• [WHAT YOU SHOULD DO]: The answer is to be an exact copy of the lines below running from the line with "have ab : a" down to the line with "Lemma lincombB A", both ends included, and nothing more.

(Stored items)
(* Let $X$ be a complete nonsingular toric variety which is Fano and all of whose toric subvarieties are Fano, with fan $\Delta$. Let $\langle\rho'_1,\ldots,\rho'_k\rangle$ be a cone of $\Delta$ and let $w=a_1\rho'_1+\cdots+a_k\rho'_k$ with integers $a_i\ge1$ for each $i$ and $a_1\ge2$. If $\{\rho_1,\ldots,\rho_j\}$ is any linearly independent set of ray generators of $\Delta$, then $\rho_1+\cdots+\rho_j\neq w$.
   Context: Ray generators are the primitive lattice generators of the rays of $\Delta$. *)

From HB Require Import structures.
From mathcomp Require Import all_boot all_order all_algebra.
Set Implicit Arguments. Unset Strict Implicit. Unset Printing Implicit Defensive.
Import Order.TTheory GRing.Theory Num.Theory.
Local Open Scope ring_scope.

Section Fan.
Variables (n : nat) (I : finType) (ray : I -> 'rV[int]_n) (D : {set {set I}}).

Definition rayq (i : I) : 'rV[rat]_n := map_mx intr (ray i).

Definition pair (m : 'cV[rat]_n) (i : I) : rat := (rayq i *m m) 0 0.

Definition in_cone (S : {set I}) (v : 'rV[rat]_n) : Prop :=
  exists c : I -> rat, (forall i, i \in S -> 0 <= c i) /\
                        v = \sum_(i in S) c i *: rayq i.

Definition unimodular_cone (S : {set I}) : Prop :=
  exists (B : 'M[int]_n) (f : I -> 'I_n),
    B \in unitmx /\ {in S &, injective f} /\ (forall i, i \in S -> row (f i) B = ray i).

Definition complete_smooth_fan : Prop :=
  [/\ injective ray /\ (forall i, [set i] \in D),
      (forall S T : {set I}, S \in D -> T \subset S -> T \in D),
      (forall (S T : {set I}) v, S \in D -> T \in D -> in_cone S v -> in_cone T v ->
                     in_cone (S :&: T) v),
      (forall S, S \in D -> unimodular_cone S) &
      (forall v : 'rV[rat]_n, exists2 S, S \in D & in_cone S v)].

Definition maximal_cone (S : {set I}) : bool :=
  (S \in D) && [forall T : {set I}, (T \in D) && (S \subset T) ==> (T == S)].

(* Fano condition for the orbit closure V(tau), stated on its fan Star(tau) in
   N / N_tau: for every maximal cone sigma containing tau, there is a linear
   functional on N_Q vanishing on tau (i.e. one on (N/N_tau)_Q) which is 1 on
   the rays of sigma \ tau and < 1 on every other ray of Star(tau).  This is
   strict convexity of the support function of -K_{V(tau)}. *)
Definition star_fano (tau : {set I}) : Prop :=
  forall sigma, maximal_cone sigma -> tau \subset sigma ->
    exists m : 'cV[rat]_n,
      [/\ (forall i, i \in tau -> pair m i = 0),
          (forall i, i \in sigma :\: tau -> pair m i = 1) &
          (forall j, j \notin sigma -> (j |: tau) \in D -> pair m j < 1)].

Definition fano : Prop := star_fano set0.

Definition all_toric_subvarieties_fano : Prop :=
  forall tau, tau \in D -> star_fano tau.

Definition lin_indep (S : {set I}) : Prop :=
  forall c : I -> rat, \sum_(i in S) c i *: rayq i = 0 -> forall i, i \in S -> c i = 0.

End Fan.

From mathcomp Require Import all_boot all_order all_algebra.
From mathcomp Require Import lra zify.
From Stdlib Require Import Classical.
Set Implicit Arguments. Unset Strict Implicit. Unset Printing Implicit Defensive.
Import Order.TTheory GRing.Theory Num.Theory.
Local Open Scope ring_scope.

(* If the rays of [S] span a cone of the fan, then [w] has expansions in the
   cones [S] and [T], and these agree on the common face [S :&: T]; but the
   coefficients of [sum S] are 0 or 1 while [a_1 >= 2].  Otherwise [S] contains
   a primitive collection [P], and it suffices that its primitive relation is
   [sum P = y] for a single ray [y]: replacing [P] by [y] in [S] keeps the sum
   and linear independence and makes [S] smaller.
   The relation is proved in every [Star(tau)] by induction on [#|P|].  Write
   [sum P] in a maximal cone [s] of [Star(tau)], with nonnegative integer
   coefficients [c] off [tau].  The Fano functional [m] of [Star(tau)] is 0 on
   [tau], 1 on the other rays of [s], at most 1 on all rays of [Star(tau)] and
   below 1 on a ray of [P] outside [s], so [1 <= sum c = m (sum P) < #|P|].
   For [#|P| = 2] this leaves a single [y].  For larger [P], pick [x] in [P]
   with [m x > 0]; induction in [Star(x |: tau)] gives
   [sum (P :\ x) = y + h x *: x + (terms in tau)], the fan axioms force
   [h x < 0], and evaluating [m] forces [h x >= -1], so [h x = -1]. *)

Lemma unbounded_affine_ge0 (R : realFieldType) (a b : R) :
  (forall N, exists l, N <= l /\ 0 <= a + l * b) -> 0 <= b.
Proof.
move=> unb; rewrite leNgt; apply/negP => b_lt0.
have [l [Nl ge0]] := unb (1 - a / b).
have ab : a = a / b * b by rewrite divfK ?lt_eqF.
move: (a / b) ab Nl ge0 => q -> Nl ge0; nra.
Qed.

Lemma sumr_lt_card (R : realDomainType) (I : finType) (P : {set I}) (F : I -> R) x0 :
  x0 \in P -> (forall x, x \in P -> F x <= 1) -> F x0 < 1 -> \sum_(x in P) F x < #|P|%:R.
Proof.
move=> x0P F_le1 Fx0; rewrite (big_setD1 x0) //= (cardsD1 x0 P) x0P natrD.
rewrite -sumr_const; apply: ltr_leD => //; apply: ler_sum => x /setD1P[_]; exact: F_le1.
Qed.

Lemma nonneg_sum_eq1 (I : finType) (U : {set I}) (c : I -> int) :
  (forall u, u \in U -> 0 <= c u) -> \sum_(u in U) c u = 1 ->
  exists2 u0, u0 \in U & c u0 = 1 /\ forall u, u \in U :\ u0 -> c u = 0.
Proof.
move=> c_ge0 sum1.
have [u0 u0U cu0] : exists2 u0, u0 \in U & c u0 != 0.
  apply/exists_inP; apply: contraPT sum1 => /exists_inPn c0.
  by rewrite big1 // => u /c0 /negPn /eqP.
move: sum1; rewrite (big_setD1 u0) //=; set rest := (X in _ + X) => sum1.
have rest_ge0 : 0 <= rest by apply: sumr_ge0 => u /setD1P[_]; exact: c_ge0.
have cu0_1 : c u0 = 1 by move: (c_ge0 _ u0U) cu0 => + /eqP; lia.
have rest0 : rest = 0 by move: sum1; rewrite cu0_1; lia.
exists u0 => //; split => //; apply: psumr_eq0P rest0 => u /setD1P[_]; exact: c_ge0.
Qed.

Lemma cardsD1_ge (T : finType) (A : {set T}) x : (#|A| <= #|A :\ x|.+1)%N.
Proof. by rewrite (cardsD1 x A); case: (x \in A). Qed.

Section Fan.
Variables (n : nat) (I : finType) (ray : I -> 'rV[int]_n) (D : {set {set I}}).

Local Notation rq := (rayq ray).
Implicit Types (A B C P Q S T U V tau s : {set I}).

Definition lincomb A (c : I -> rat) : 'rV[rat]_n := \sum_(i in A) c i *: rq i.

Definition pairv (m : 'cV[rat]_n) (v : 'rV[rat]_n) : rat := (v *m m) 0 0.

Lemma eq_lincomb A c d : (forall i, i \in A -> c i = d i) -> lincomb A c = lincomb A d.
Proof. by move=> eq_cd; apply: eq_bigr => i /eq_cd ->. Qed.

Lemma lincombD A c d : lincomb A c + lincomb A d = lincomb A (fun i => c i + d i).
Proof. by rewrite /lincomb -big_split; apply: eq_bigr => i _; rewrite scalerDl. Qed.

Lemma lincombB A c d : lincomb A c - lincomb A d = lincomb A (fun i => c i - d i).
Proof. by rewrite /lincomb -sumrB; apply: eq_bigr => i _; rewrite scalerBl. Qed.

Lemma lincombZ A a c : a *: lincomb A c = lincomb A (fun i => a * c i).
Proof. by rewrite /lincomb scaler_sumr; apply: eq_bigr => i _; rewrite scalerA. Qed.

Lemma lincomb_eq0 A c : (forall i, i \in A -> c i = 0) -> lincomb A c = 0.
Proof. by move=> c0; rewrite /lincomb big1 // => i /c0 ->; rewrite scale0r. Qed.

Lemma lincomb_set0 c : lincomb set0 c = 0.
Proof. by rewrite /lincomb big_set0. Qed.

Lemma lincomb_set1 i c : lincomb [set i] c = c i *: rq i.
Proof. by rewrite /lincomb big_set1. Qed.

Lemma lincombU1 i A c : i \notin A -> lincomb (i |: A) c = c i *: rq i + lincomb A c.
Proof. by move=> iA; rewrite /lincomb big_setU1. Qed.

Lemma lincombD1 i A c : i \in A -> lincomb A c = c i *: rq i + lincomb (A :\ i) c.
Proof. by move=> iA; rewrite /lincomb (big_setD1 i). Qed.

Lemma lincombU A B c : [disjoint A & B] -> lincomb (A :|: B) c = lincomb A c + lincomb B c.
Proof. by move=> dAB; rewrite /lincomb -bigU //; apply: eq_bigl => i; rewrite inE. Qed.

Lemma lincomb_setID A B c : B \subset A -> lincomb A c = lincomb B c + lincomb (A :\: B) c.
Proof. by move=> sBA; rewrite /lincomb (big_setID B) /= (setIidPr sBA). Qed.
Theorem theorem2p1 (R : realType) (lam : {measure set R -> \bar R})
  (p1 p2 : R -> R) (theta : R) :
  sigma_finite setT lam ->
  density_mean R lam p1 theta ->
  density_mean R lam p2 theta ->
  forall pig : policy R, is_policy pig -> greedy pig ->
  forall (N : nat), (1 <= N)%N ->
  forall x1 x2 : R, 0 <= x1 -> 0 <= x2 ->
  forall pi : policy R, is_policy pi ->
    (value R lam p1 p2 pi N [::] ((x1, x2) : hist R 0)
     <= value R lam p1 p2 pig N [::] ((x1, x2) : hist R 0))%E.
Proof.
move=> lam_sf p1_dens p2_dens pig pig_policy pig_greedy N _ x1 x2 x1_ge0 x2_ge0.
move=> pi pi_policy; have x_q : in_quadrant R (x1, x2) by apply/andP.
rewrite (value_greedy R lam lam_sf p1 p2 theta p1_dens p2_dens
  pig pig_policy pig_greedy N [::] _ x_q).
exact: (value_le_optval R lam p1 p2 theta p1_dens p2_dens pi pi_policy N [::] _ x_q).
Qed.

• [WRITTEN ANSWER]:
have ab : a = a / b * b by rewrite divfK ?lt_eqF.
move: (a / b) ab Nl ge0 => q -> Nl ge0; nra.
Qed.

Lemma sumr_lt_card (R : realDomainType) (I : finType) (P : {set I}) (F : I -> R) x0 :
  x0 \in P -> (forall x, x \in P -> F x <= 1) -> F x0 < 1 -> \sum_(x in P) F x < #|P|%:R.
Proof.
move=> x0P F_le1 Fx0; rewrite (big_setD1 x0) //= (cardsD1 x0 P) x0P natrD.
rewrite -sumr_const; apply: ltr_leD => //; apply: ler_sum => x /setD1P[_]; exact: F_le1.
Qed.

Lemma nonneg_sum_eq1 (I : finType) (U : {set I}) (c : I -> int) :
  (forall u, u \in U -> 0 <= c u) -> \sum_(u in U) c u = 1 ->
  exists2 u0, u0 \in U & c u0 = 1 /\ forall u, u \in U :\ u0 -> c u = 0.
Proof.
move=> c_ge0 sum1.
have [u0 u0U cu0] : exists2 u0, u0 \in U & c u0 != 0.
  apply/exists_inP; apply: contraPT sum1 => /exists_inPn c0.
  by rewrite big1 // => u /c0 /negPn /eqP.
move: sum1; rewrite (big_setD1 u0) //=; set rest := (X in _ + X) => sum1.
have rest_ge0 : 0 <= rest by apply: sumr_ge0 => u /setD1P[_]; exact: c_ge0.
have cu0_1 : c u0 = 1 by move: (c_ge0 _ u0U) cu0 => + /eqP; lia.
have rest0 : rest = 0 by move: sum1; rewrite cu0_1; lia.
exists u0 => //; split => //; apply: psumr_eq0P rest0 => u /setD1P[_]; exact: c_ge0.
Qed.

Lemma cardsD1_ge (T : finType) (A : {set T}) x : (#|A| <= #|A :\ x|.+1)%N.
Proof. by rewrite (cardsD1 x A); case: (x \in A). Qed.

Section Fan.
Variables (n : nat) (I : finType) (ray : I -> 'rV[int]_n) (D : {set {set I}}).

Local Notation rq := (rayq ray).
Implicit Types (A B C P Q S T U V tau s : {set I}).

Definition lincomb A (c : I -> rat) : 'rV[rat]_n := \sum_(i in A) c i *: rq i.

Definition pairv (m : 'cV[rat]_n) (v : 'rV[rat]_n) : rat := (v *m m) 0 0.

Lemma eq_lincomb A c d : (forall i, i \in A -> c i = d i) -> lincomb A c = lincomb A d.
Proof. by move=> eq_cd; apply: eq_bigr => i /eq_cd ->. Qed.

Lemma lincombD A c d : lincomb A c + lincomb A d = lincomb A (fun i => c i + d i).
Proof. by rewrite /lincomb -big_split; apply: eq_bigr => i _; rewrite scalerDl. Qed.

Lemma lincombB A c d : lincomb A c - lincomb A d = lincomb A (fun i => c i - d i).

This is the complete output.